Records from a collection
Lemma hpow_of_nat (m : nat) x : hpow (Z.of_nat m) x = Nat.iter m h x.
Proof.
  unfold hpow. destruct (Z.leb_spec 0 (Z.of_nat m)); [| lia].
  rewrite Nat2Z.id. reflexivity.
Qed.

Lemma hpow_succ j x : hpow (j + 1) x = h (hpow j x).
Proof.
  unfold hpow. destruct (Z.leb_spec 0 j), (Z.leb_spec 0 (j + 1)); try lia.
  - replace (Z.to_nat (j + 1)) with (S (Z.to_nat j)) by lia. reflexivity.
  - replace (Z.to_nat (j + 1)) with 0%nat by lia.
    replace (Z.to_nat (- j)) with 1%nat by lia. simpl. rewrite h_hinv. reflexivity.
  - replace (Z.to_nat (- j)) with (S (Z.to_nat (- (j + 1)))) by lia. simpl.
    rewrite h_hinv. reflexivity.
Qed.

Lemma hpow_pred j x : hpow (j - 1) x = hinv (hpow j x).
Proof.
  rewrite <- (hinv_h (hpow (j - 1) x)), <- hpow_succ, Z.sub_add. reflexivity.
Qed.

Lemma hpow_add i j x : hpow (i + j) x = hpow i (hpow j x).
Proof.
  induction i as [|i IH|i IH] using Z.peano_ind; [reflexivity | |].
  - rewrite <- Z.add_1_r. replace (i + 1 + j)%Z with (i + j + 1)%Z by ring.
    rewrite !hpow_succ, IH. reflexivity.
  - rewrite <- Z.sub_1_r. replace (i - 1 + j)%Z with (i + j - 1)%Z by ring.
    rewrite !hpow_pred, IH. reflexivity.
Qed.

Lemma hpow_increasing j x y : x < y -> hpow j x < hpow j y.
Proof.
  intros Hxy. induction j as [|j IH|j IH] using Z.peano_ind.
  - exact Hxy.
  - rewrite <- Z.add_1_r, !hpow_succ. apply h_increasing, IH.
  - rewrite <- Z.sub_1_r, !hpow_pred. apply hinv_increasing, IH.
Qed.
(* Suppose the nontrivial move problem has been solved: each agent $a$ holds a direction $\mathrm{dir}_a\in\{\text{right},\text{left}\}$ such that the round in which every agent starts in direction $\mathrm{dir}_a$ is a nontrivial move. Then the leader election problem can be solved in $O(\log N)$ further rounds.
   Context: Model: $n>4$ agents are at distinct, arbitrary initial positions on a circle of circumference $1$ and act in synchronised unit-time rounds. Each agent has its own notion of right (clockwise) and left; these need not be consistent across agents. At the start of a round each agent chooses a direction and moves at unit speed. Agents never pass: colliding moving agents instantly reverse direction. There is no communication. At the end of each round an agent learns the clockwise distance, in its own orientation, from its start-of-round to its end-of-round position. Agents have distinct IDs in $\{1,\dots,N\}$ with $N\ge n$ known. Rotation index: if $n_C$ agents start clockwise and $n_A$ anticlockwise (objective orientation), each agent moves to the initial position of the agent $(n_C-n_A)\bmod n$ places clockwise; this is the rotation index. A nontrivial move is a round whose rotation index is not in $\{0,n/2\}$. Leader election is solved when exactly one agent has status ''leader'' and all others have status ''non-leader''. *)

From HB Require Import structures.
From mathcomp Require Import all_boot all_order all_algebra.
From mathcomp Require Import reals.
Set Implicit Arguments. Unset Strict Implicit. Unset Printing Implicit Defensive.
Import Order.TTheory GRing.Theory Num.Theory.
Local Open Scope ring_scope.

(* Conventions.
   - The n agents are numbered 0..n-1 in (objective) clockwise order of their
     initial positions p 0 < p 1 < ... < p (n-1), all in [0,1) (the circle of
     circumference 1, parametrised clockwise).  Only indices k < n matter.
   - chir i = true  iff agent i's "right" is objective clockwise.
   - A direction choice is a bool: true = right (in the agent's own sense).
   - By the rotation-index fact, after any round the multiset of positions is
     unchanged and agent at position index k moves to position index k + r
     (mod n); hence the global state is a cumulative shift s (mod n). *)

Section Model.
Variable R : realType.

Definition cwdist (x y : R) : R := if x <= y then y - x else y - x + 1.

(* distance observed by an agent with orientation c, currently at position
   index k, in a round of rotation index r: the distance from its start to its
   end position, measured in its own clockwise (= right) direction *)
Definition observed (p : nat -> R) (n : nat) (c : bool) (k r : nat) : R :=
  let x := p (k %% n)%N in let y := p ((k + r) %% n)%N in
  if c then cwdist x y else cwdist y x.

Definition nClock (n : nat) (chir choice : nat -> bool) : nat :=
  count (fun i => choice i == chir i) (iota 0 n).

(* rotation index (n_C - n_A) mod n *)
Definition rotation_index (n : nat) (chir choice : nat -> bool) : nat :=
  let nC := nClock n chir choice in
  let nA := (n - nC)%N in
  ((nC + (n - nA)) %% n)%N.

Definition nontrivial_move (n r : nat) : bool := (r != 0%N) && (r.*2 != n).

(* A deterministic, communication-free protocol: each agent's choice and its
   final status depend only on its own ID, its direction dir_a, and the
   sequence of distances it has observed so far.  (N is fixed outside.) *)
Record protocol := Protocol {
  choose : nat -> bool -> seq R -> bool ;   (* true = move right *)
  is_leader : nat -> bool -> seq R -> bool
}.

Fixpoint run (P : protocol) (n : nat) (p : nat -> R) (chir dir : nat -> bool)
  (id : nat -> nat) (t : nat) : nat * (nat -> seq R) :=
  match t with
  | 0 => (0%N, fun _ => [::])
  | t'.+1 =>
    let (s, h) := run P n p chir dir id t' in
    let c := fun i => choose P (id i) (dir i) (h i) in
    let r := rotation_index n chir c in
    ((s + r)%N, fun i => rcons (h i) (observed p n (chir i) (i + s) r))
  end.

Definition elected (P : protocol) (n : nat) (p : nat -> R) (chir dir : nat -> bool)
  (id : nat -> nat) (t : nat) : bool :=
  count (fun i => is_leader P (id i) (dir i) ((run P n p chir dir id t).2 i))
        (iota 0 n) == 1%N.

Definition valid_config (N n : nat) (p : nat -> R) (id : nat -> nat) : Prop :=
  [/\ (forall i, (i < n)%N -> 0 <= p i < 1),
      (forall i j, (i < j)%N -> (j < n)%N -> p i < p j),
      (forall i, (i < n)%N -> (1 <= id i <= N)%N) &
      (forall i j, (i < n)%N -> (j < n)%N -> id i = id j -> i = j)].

*EXERCISE BRIEF*: Report the count, and only the count, of lines in the records above that contain "mathcomp".

*TASK SOLUTION*: 2